→ **TASK BRIEF**: Restate word for word the lines of the entries below, starting with the line that holds "exists x y z" and ending with the line that holds "by apply/allP => i _; apply: colour_clique_le5.", and no others.

→ **RECORD SET**:
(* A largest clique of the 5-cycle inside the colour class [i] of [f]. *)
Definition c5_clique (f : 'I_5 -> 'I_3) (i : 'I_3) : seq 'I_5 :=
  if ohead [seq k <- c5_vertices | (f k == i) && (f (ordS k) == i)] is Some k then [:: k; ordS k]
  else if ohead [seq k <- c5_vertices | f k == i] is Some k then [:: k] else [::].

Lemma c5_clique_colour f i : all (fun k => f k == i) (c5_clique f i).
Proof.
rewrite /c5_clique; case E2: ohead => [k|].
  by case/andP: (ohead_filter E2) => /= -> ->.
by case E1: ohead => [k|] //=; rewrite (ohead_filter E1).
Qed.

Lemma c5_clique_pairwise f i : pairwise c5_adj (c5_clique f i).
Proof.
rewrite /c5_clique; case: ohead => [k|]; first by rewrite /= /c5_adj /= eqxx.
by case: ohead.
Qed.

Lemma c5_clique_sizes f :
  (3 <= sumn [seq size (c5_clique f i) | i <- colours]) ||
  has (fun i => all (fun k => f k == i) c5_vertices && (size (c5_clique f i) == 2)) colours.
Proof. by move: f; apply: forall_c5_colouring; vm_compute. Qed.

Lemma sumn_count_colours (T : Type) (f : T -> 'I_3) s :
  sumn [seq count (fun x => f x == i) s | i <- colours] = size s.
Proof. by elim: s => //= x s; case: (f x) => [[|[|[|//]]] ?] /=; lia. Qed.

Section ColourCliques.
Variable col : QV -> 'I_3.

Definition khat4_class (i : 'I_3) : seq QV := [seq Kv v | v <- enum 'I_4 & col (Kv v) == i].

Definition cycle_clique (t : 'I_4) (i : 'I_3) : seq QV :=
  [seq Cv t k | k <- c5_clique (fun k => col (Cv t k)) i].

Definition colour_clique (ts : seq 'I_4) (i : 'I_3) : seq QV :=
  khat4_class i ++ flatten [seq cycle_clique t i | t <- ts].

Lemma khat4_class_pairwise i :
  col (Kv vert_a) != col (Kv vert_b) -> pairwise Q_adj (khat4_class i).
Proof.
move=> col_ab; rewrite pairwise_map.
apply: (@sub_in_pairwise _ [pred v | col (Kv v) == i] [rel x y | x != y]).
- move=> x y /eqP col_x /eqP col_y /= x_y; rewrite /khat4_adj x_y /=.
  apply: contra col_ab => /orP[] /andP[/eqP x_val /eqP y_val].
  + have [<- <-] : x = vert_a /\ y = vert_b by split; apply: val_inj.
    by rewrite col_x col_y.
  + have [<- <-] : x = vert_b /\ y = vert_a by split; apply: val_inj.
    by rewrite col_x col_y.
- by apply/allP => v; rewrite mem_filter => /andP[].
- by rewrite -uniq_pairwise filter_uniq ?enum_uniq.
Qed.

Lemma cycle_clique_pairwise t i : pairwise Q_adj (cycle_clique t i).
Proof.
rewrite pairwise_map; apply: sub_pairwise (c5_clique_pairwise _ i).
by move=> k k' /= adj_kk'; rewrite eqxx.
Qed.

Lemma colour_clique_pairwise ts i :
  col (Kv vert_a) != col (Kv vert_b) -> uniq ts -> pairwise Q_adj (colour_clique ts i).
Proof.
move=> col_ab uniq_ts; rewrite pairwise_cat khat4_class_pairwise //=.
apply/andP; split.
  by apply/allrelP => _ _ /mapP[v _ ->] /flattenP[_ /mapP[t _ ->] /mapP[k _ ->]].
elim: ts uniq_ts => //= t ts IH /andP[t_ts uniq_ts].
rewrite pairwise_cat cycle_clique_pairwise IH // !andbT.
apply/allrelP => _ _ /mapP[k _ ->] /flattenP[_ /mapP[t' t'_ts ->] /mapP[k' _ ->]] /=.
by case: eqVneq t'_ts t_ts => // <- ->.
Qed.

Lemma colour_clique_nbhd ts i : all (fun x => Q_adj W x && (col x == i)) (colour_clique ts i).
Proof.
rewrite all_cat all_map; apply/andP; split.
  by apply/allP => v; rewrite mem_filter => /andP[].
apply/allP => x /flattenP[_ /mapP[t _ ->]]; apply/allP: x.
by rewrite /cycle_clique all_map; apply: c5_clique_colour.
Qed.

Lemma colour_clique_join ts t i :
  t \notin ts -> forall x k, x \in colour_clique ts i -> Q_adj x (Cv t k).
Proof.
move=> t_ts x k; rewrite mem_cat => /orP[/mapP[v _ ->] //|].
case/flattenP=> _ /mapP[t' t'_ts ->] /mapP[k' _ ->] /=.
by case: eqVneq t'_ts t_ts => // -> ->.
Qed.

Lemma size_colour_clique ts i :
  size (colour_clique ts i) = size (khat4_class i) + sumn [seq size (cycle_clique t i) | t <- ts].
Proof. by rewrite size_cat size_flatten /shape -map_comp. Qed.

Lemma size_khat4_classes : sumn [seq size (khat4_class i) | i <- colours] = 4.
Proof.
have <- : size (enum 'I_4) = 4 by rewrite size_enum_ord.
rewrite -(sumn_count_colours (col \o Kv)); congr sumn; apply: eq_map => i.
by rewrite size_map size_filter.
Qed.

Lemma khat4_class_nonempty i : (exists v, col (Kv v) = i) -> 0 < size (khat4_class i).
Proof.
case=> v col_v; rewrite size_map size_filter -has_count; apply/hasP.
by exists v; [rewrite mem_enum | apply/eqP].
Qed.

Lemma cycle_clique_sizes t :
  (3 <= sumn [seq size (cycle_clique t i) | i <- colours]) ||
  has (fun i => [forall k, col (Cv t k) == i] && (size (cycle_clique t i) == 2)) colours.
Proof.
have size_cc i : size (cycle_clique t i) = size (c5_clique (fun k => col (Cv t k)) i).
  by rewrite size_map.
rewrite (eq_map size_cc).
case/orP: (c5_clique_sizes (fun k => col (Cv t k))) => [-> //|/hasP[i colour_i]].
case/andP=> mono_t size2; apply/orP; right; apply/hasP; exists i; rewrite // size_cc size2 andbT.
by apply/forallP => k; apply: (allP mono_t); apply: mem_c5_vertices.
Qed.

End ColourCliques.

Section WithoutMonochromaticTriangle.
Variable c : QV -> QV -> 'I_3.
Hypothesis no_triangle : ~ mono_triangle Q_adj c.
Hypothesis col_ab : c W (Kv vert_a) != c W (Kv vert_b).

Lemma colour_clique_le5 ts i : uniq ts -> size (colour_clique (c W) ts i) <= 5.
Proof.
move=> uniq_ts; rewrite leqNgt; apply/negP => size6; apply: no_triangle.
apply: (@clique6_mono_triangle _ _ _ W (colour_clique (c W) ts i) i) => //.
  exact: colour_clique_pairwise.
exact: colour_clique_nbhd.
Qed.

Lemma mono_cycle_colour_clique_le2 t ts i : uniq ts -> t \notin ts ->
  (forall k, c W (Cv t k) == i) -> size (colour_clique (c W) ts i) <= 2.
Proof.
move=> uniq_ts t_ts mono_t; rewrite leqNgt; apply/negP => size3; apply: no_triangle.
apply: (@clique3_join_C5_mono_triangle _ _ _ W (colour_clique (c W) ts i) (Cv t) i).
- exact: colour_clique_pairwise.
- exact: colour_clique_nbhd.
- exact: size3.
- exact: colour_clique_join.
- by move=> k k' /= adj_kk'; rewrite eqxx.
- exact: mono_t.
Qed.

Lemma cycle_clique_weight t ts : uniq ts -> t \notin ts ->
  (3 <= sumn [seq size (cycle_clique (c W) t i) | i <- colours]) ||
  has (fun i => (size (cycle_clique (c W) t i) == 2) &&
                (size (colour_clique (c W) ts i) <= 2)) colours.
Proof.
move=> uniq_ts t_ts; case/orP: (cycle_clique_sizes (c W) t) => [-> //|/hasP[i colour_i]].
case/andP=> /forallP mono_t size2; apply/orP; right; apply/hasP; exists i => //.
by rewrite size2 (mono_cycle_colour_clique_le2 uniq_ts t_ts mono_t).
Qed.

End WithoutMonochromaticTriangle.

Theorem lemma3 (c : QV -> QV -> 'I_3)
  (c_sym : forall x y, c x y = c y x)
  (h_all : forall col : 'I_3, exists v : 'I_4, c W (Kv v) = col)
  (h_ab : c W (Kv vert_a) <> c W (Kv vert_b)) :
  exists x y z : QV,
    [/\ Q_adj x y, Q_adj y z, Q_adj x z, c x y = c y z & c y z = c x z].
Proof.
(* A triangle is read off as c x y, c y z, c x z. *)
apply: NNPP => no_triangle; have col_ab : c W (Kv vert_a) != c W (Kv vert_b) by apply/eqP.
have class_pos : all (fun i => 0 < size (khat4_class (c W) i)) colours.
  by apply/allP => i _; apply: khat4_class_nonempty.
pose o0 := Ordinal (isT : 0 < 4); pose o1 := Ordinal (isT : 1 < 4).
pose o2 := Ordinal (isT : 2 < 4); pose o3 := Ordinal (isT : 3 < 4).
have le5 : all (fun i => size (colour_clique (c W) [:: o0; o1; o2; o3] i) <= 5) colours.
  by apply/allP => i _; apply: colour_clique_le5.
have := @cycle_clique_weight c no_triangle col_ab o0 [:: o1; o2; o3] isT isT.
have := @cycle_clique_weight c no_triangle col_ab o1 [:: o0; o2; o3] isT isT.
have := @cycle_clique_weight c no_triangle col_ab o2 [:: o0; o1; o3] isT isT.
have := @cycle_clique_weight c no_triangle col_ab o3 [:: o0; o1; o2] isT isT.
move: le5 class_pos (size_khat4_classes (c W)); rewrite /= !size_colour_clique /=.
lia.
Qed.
---
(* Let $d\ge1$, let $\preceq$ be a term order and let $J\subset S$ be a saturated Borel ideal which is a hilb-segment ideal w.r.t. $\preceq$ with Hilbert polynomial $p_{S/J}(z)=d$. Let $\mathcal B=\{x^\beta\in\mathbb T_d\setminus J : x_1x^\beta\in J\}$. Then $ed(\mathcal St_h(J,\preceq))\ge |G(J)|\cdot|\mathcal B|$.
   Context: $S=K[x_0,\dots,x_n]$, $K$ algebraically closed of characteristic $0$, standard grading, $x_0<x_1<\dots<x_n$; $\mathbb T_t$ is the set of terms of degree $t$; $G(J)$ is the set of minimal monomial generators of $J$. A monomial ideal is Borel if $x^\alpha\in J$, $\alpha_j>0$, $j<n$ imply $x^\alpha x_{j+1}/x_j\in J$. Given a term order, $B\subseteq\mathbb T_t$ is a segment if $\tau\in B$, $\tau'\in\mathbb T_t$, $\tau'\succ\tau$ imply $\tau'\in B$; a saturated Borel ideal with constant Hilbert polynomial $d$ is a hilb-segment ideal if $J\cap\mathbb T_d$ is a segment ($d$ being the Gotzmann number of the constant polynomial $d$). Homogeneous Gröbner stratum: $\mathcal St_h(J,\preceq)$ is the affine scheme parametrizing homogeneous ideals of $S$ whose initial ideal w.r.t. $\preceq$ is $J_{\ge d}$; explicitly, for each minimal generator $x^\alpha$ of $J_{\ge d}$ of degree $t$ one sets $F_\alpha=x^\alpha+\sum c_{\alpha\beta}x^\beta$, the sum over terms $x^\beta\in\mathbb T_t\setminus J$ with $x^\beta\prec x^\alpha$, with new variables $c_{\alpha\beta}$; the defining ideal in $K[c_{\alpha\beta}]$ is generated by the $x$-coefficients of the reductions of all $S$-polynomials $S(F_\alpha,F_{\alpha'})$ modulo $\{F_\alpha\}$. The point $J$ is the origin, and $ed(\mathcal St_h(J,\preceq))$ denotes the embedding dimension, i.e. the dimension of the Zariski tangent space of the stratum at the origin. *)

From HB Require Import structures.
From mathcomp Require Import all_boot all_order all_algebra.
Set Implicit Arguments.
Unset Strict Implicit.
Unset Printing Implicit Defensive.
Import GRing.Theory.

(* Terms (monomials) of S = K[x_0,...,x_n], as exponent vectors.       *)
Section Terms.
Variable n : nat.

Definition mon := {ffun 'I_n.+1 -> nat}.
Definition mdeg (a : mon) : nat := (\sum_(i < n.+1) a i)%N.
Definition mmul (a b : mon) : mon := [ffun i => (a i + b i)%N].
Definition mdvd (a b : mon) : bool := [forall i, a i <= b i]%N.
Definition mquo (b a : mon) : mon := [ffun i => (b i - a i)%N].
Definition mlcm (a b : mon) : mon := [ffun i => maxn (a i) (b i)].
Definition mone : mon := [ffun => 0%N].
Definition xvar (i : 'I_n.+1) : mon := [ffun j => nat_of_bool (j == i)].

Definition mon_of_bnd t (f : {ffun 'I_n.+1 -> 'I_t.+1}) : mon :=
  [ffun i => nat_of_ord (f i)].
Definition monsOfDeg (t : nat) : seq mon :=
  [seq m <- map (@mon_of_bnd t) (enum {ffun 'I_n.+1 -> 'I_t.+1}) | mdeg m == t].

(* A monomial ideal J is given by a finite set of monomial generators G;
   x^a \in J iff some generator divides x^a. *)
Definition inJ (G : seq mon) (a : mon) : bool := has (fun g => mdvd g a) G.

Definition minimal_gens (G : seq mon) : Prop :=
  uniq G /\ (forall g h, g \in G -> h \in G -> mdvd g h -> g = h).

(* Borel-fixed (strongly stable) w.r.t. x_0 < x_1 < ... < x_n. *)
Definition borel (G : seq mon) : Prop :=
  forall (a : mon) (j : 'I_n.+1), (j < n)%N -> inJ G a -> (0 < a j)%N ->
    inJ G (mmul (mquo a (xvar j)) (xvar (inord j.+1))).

→ **OUTPUT OF THE EXERCISE**:
  exists x y z : QV,
    [/\ Q_adj x y, Q_adj y z, Q_adj x z, c x y = c y z & c y z = c x z].
Proof.
(* A triangle is read off as c x y, c y z, c x z. *)
apply: NNPP => no_triangle; have col_ab : c W (Kv vert_a) != c W (Kv vert_b) by apply/eqP.
have class_pos : all (fun i => 0 < size (khat4_class (c W) i)) colours.
  by apply/allP => i _; apply: khat4_class_nonempty.
pose o0 := Ordinal (isT : 0 < 4); pose o1 := Ordinal (isT : 1 < 4).
pose o2 := Ordinal (isT : 2 < 4); pose o3 := Ordinal (isT : 3 < 4).
have le5 : all (fun i => size (colour_clique (c W) [:: o0; o1; o2; o3] i) <= 5) colours.
  by apply/allP => i _; apply: colour_clique_le5.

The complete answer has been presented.